I left out of town and 2 of the 3 I planted dried out over the week when they were just 3" tall. I planted the third and babied it for a while. It's growing great in the back yard now. You can get seeds, but honestly you can get a tree that will probably bloom earlier at a green house. Corpus Christi Turners has several of different sizes. I picked one up for about $19 or so one day. I'm going to give the seedling to my mother who lives by the lake to grow. The seeds can be germinated fairly easily and I had good luck. I'll gladly trade you some seeds for something. I'm building a Cajun Microwave got any parts or pieces laying around you don't use that I could swap you for some seeds?
Rodney


----------



## tater salad (Jan 6, 2008)

Hey Rodwade......:cop:

Thanks for the reply.....I live in SugarLand and I won't be traveling any where close to you.....No, I don't have any parts for your cajun microwave...sorry wish I could help ya out.

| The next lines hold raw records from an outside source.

(* Let $A$ be a complex $r$-matrix of order $n_1\times\cdots\times n_r$, with slices $A^{(j)}_t$. Then \[ \|A\|_r^r\leq\min_{k\in[r]}\ \max_{s\in[n_k]}\ \sum\Big\{|a_{i_1,\ldots,i_r}|\prod_{j\in[r]\setminus\{k\}}|A^{(j)}_{i_j}|_1 \ :\ i_k=s,\ i_j\in[n_j]\text{ for }j\neq k\Big\}. \]
   Context: An $r$-matrix of order $n_1\times\cdots\times n_r$ is a function on $[n_1]\times\cdots\times[n_r]$ with values $a_{i_1,\ldots,i_r}$. For $j\in[r]$ and $t\in[n_j]$, the slice $A^{(j)}_t$ is the $(r-1)$-matrix obtained by fixing $i_j=t$, and $|A^{(j)}_t|_1$ is the sum of the absolute values of its entries. The spectral $r$-norm is $\|A\|_r=\max\{|\sum a_{i_1,\ldots,i_r}\overline{x^{(1)}_{i_1}}\cdots\overline{x^{(r)}_{i_r}}|:\mathbf{x}^{(k)}\in\mathbb{C}^{n_k},\ |\mathbf{x}^{(k)}|_r=1\ \forall k\}$. *)

From HB Require Import structures.
From mathcomp Require Import all_boot all_order all_algebra.
From mathcomp Require Import all_classical all_reals.
From mathcomp Require Import complex.
Set Implicit Arguments. Unset Strict Implicit. Unset Printing Implicit Defensive.
Import Order.TTheory GRing.Theory Num.Theory.
Local Open Scope ring_scope.
Local Open Scope classical_set_scope.

(* Multi-indices (i_1,...,i_r) with i_j in [n_j] (0-based: 'I_(n j)). *)
Definition midx (r : nat) (n : 'I_r -> nat) : finType :=
  {dffun forall j : 'I_r, 'I_(n j)}.

Definition rmatrix (R : realType) (r : nat) (n : 'I_r -> nat) :=
  midx n -> R[i].

(* |x|_r^r = sum_i |x_i|^r ; |x|_r = 1 iff this sum is 1. *)
Definition lrpow (R : realType) (r m : nat) (x : 'I_m -> R[i]) : R :=
  \sum_(i < m) ComplexField.Normc.normc (x i) ^+ r.

Definition rform (R : realType) (r : nat) (n : 'I_r -> nat) (A : rmatrix R n)
  (x : forall k : 'I_r, 'I_(n k) -> R[i]) : R[i] :=
  \sum_(i : midx n) A i * \prod_(k < r) conjc (x k (i k)).

(* Spectral r-norm: max of |form| over all x^(k) with |x^(k)|_r = 1.
   The maximum is attained (compact unit spheres), so it equals the supremum. *)
Definition spec_norm (R : realType) (r : nat) (n : 'I_r -> nat)
  (A : rmatrix R n) : R :=
  sup [set ComplexField.Normc.normc (rform A x) | x in
         [set x : forall k : 'I_r, 'I_(n k) -> R[i] | forall k, lrpow r (x k) = 1]].

Definition slice_norm1 (R : realType) (r : nat) (n : 'I_r -> nat)
  (A : rmatrix R n) (j : 'I_r) (t : 'I_(n j)) : R :=
  \sum_(i : midx n | i j == t) ComplexField.Normc.normc (A i).

Definition bound_ks (R : realType) (r : nat) (n : 'I_r -> nat)
  (A : rmatrix R n) (k : 'I_r) (s : 'I_(n k)) : R :=
  \sum_(i : midx n | i k == s)
     ComplexField.Normc.normc (A i) * \prod_(j < r | j != k) slice_norm1 A (i j).

(* max_{s in [n_k]} (values are nonnegative, and n_k >= 1, so 0 is a
   harmless neutral element). *)
Definition max_s (R : realType) (r : nat) (n : 'I_r -> nat)
  (A : rmatrix R n) (k : 'I_r) : R :=
  \big[Num.max/0]_(s < n k) bound_ks A s.

(* min over k in [r], of a nonnegative family, for r >= 1:
   the neutral element is the max of the family, which is one of its values,
   so this is exactly the minimum. *)
Definition min_ord (R : realType) (r : nat) (F : 'I_r -> R) : R :=
  \big[Num.min/ \big[Num.max/0]_(k < r) F k]_(k < r) F k.

(** For [|x^(j)|_r = 1] put [y_j := |x^(j)|] and [B := sum_i |a_i| prod_j y_j(i_j)],
    so that [|form A x| <= B].  Fix [k], write [S_j] for the slice norms and
    [P(i) := prod_(j <> k) S_j(i_j)].  For each multi-index [i] with [a_i <> 0],
    AM-GM applied to the [r] numbers [(B / S_j(i_j)) y_j(i_j)^r] ([j <> k]) and
    [(P(i) / B^(r-1)) y_k(i_k)^r], whose weights multiply to [1], gives
    [r prod_j y_j(i_j) <= sum_j w_j(i) y_j(i_j)^r].  Multiplying by [|a_i|] and
    summing over [i], the slice sums collapse: each [j <> k] contributes [B]
    because [sum_t y_j(t)^r = 1], and the [k]-th term is at most
    [max_s A k / B^(r-1)].  Hence [r B <= (r-1) B + max_s A k / B^(r-1)],
    i.e. [B^r <= max_s A k]. *)

From HB Require Import structures.
From mathcomp Require Import all_boot all_order all_algebra.
From mathcomp Require Import all_classical all_reals.
From mathcomp Require Import complex.
From mathcomp Require Import ring.
From mathcomp Require Import exp.
Import Order.TTheory GRing.Theory Num.Theory.
Local Open Scope ring_scope.

Set Implicit Arguments. Unset Strict Implicit. Unset Printing Implicit Defensive.
Local Notation normc := ComplexField.Normc.normc.

Lemma normc_ge0 (R : realType) (z : R[i]) : 0 <= normc z.
Proof. by case: z => a b; rewrite /= sqrtr_ge0. Qed.

Lemma normc_conj (R : realType) (z : R[i]) : normc (conjc z) = normc z.
Proof. by case: z => a b; rewrite /= sqrrN. Qed.

Lemma normc_prod (R : realType) (I : finType) (F : I -> R[i]) :
  normc (\prod_i F i) = \prod_i normc (F i).
Proof.
apply: (big_morph (fun z : R[i] => normc z)).
- exact: ComplexField.Normc.normcM.
- exact: ComplexField.Normc.normc1.
Qed.

Lemma normc_sum_le (R : realType) (I : finType) (F : I -> R[i]) :
  normc (\sum_i F i) <= \sum_i normc (F i).
Proof.
apply: (big_ind2 (fun (z : R[i]) (v : R) => normc z <= v)) => //.
- by rewrite ComplexField.Normc.normc0.
- by move=> x1 x2 y1 y2 h1 h2; apply: le_trans (le_normcD _ _) (lerD h1 h2).
Qed.

Lemma AGM_expn (R : realType) (r : nat) (E : 'I_r -> R) (z : R) :
  (0 < r)%N -> (forall j, 0 <= E j) -> 0 <= z -> z ^+ r = \prod_j E j ->
  r%:R * z <= \sum_j E j.
Proof.
move=> r_gt0 E_ge0 z_ge0 zE.
have [+ _] := leif_AGM (A := predT) (fun i _ => E_ge0 i).
rewrite cardT size_enum_ord -zE => zE_le.
have r_neq0 : r%:R != 0 :> R by rewrite pnatr_eq0 -lt0n.
rewrite -(ler_pXn2r r_gt0) ?nnegrE ?mulr_ge0 ?ler0n ?sumr_ge0 //.
rewrite -[X in _ <= X ^+ r](divfK r_neq0) !exprMn mulrC.
by rewrite ler_wpM2r ?exprn_ge0 ?ler0n // -exprMn.
Qed.

Lemma sup_expn_le (R : realType) (r : nat) (T : set R) (M : R) :
  (0 < r)%N -> 0 <= M -> (forall e, T e -> 0 <= e /\ e ^+ r <= M) ->
  sup T ^+ r <= M.
Proof.
move=> r_gt0 M_ge0 hT.
have [[e Te]|T0] := pselect (T !=set0)%classic; last first.
  rewrite (_ : T = set0) ?sup0 ?expr0n ?gtn_eqF //.
  by apply/seteqP; split=> e // Te; apply: T0; exists e.
pose m := M `^ r%:R^-1.
have m_ge0 : 0 <= m by exact: powR_ge0.
have mE : m ^+ r = M.
  rewrite -powR_mulrn // -powRrM mulVf ?powRr1 //.
  by rewrite pnatr_eq0 -lt0n.
have ub_m : ubound T m.
  move=> e' /hT [e'_ge0]; rewrite -mE.
  by rewrite (ler_pXn2r r_gt0) ?nnegrE.
have sup_ge0 : 0 <= sup T.
  by apply: le_trans (ub_le_sup _ Te); [case: (hT e Te) | exists m].
by rewrite -mE (ler_pXn2r r_gt0) ?nnegrE //; apply: ge_sup => //; exists e.
Qed.

Lemma min_ord_ge (R : realType) (r : nat) (F : 'I_r -> R) (e : R) :
  (0 < r)%N -> (forall k, e <= F k) -> e <= min_ord F.
Proof.
move=> r_gt0 eF; apply: (big_ind (fun v => e <= v)) => [||k _]; last exact: eF.
- apply: le_trans (eF (Ordinal r_gt0)) _.
  by rewrite (bigD1 (Ordinal r_gt0)) //= le_max lexx.
- by move=> a b ha hb; rewrite le_min ha hb.
Qed.

Section SliceNorms.
Variables (R : realType) (r : nat) (n : 'I_r -> nat) (A : rmatrix R n).

Lemma slice_norm1_ge0 j (t : 'I_(n j)) : 0 <= slice_norm1 A t.
Proof. by apply: sumr_ge0 => i _; exact: normc_ge0. Qed.

Lemma normc_le_slice_norm1 (i : midx n) j : normc (A i) <= slice_norm1 A (i j).
Proof.
rewrite /slice_norm1 (bigD1 i) //= lerDl.
by apply: sumr_ge0 => ? _; exact: normc_ge0.
Qed.

Lemma max_s_ge0 k : 0 <= max_s A k.
Proof.
apply: (big_ind (fun v => 0 <= v)) => // [x y hx hy|s _].
  by rewrite le_max hx.
apply: sumr_ge0 => i _; rewrite mulr_ge0 ?normc_ge0 //.
by apply: prodr_ge0 => j _; exact: slice_norm1_ge0.
Qed.

Lemma bound_ks_le_max_s k (s : 'I_(n k)) : bound_ks A s <= max_s A k.
Proof. by rewrite /max_s (bigD1 s) //= le_max lexx. Qed.

Lemma normc_rform_le (x : forall k : 'I_r, 'I_(n k) -> R[i]) :
  normc (rform A x) <= \sum_(i : midx n) normc (A i) * \prod_j normc (x j (i j)).
Proof.
rewrite /rform; apply: le_trans (normc_sum_le _) _; apply: ler_sum => i _.
rewrite ComplexField.Normc.normcM normc_prod.
by under eq_bigr do rewrite normc_conj.
Qed.

End SliceNorms.

Section WeightedForm.
Local Unset Implicit Arguments.
Variables (R : realType) (r : nat) (n : 'I_r -> nat) (A : rmatrix R n).
Hypothesis r_gt0 : (0 < r)%N.
Variable y : forall j, 'I_(n j) -> R.
Hypothesis y_ge0 : forall j t, 0 <= y j t.
Hypothesis y_unit : forall j, \sum_t y j t ^+ r = 1.
Variable k : 'I_r.

Local Notation a i := (normc (A i)).
Local Notation S j t := (@slice_norm1 _ _ _ A j t).

Let B := \sum_(i : midx n) a i * \prod_j y j (i j).
Let P (i : midx n) := \prod_(j < r | j != k) S j (i j).

Lemma weighted_form_ge0 : 0 <= B.
Proof.
apply: sumr_ge0 => i _; rewrite mulr_ge0 ?normc_ge0 //.
by apply: prodr_ge0 => j _.
Qed.

Section PositiveForm.
Hypothesis B_gt0 : 0 < B.

Let w (j : 'I_r) (i : midx n) : R :=
  if j == k then P i / B ^+ r.-1 else B / S j (i j).

Lemma weight_ge0 j i : 0 <= w j i.
Proof.
have B_ge0 := ltW B_gt0.
rewrite /w; case: eqP => _; rewrite divr_ge0 ?slice_norm1_ge0 ?exprn_ge0 //.
by apply: prodr_ge0 => l _; exact: slice_norm1_ge0.
Qed.

Lemma prod_weight (i : midx n) : a i != 0 -> \prod_j w j i = 1.
Proof.
move=> ai_neq0.
have S_neq0 l : S l (i l) != 0.
  rewrite gt_eqF // (lt_le_trans _ (normc_le_slice_norm1 A i l)) //.
  by rewrite lt_def ai_neq0 normc_ge0.
rewrite (bigD1 k) //= /w eqxx.
rewrite (eq_bigr (fun j => B / S j (i j))); last by move=> j /negbTE ->.
rewrite big_split /= prodfV -/(P i).
have -> : \prod_(j < r | j != k) B = B ^+ r.-1.
  by rewrite (eq_bigl (mem (predC1 k))) // prodr_const cardC1 card_ord.
have P_neq0 : P i != 0 by rewrite prodf_seq_neq0; apply/allP => l _; apply/implyP.
have B_neq0 : B ^+ r.-1 != 0 by rewrite expf_neq0 // gt_eqF.
by field; rewrite P_neq0 B_neq0.
Qed.

Lemma weighted_AGM (i : midx n) :
  r%:R * (a i * \prod_j y j (i j)) <= \sum_j a i * w j i * y j (i j) ^+ r.
Proof.
have [ai0|ai_neq0] := eqVneq (a i) 0.
  rewrite ai0 mul0r mulr0; apply: sumr_ge0 => j _.
  by rewrite !mul0r.
have -> : \sum_j a i * w j i * y j (i j) ^+ r = a i * \sum_j w j i * y j (i j) ^+ r.
  by rewrite mulr_sumr; apply: eq_bigr => j _; rewrite mulrA.
rewrite mulrCA ler_wpM2l ?normc_ge0 //.
apply: AGM_expn => //.
- by move=> j; rewrite mulr_ge0 ?weight_ge0 ?exprn_ge0.
- exact: prodr_ge0.
by rewrite big_split /= prod_weight // mul1r prodrXl.
Qed.

Lemma weighted_sum_center :
  \sum_i a i * w k i * y k (i k) ^+ r <= max_s A k / B ^+ r.-1.
Proof.
have -> : \sum_i a i * w k i * y k (i k) ^+ r =
    (\sum_i a i * P i * y k (i k) ^+ r) / B ^+ r.-1.
  by rewrite mulr_suml; apply: eq_bigr => i _; rewrite /w eqxx; ring.
rewrite ler_wpM2r ?invr_ge0 ?exprn_ge0 ?weighted_form_ge0 //.
rewrite (partition_big (fun i : midx n => i k) xpredT) //=.
apply: (@le_trans _ _ (\sum_s max_s A k * y k s ^+ r)).
  apply: ler_sum => s _.
  rewrite (eq_bigr (fun i => a i * P i * y k s ^+ r)) => [|i /eqP <-] //.
  by rewrite -mulr_suml ler_wpM2r ?exprn_ge0 ?bound_ks_le_max_s.
by rewrite -mulr_sumr y_unit mulr1.
Qed.

Lemma weighted_sum_off_center j : j != k ->
  \sum_i a i * w j i * y j (i j) ^+ r <= B.
Proof.
move=> jk; rewrite /w (negbTE jk).
rewrite (partition_big (fun i : midx n => i j) xpredT) //=.
rewrite -[X in _ <= X]mulr1 -(y_unit j) mulr_sumr; apply: ler_sum => t _.
rewrite (eq_bigr (fun i => a i * (B / S j t * y j t ^+ r))) => [|i /eqP <-];
  last by rewrite !mulrA.
rewrite -mulr_suml -/(S j t).
have [S0|S_neq0] := eqVneq (S j t) 0.
  by rewrite S0 mul0r mulr_ge0 ?exprn_ge0 ?weighted_form_ge0.
by rewrite mulrA [S j t * _]mulrC divfK.
Qed.

Lemma positive_weighted_form_expn_le : B ^+ r <= max_s A k.
Proof.
have sum_le : r%:R * B <= max_s A k / B ^+ r.-1 + r.-1%:R * B.
  apply: (@le_trans _ _ (\sum_j \sum_i a i * w j i * y j (i j) ^+ r)).
    by rewrite exchange_big /= mulr_sumr; apply: ler_sum => i _; exact: weighted_AGM.
  rewrite (bigD1 k) //= lerD ?weighted_sum_center //.
  apply: le_trans (ler_sum _ weighted_sum_off_center) _.
  by rewrite (eq_bigl (mem (predC1 k))) // sumr_const cardC1 card_ord mulr_natl.
rewrite -{1}(prednK r_gt0) -natr1 mulrDl mul1r addrC lerD2r in sum_le.
rewrite ler_pdivlMr ?exprn_gt0 // in sum_le.
by rewrite -[r in B ^+ r](prednK r_gt0) exprS.
Qed.

End PositiveForm.

Lemma weighted_form_expn_le_max_s : B ^+ r <= max_s A k.
Proof.
have [B0|B_neq0] := eqVneq B 0.
  by rewrite B0 expr0n gtn_eqF // max_s_ge0.
by apply: positive_weighted_form_expn_le; rewrite lt_def B_neq0 weighted_form_ge0.
Qed.

End WeightedForm.

Theorem theorem17 (R : realType) (r : nat) (n : 'I_r -> nat)
  (hr : (0 < r)%N) (hn : forall j, (0 < n j)%N) (A : rmatrix R n) :
  spec_norm A ^+ r <= min_ord (fun k : 'I_r => max_s A k).
Proof.
apply: sup_expn_le => //.
  by apply: min_ord_ge => // k; exact: max_s_ge0.
move=> _ [x x_unit <-]; split; first exact: normc_ge0.
pose y j t := normc (x j t).
have y_ge0 j t : 0 <= y j t by exact: normc_ge0.
pose B := \sum_(i : midx n) normc (A i) * \prod_j y j (i j).
apply: (@le_trans _ _ (B ^+ r)).
  rewrite (ler_pXn2r hr) ?nnegrE ?normc_ge0 //; first exact: (normc_rform_le A x).
  by apply: sumr_ge0 => i _; rewrite mulr_ge0 ?normc_ge0 ?prodr_ge0.
apply: min_ord_ge => // k.
exact: (weighted_form_expn_le_max_s _ _ _ A hr y y_ge0 x_unit k).
Qed.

I guess I'll have to look around at some shops here in the Houston area.

thank you and god bless,
Dale
Aka: tater salad


----------



## rodwade (Feb 13, 2007)

Tater, pm me an address I'll see if I can ship you an few.

Rodney


----------



## tater salad (Jan 6, 2008)

Good Evening, RodWade :flag:

I just want to say thank you......Ill let you now how everything turns out!!!!

Ill send you a PM and give you my address and telephone number.......:cheers:

Tater Salad


----------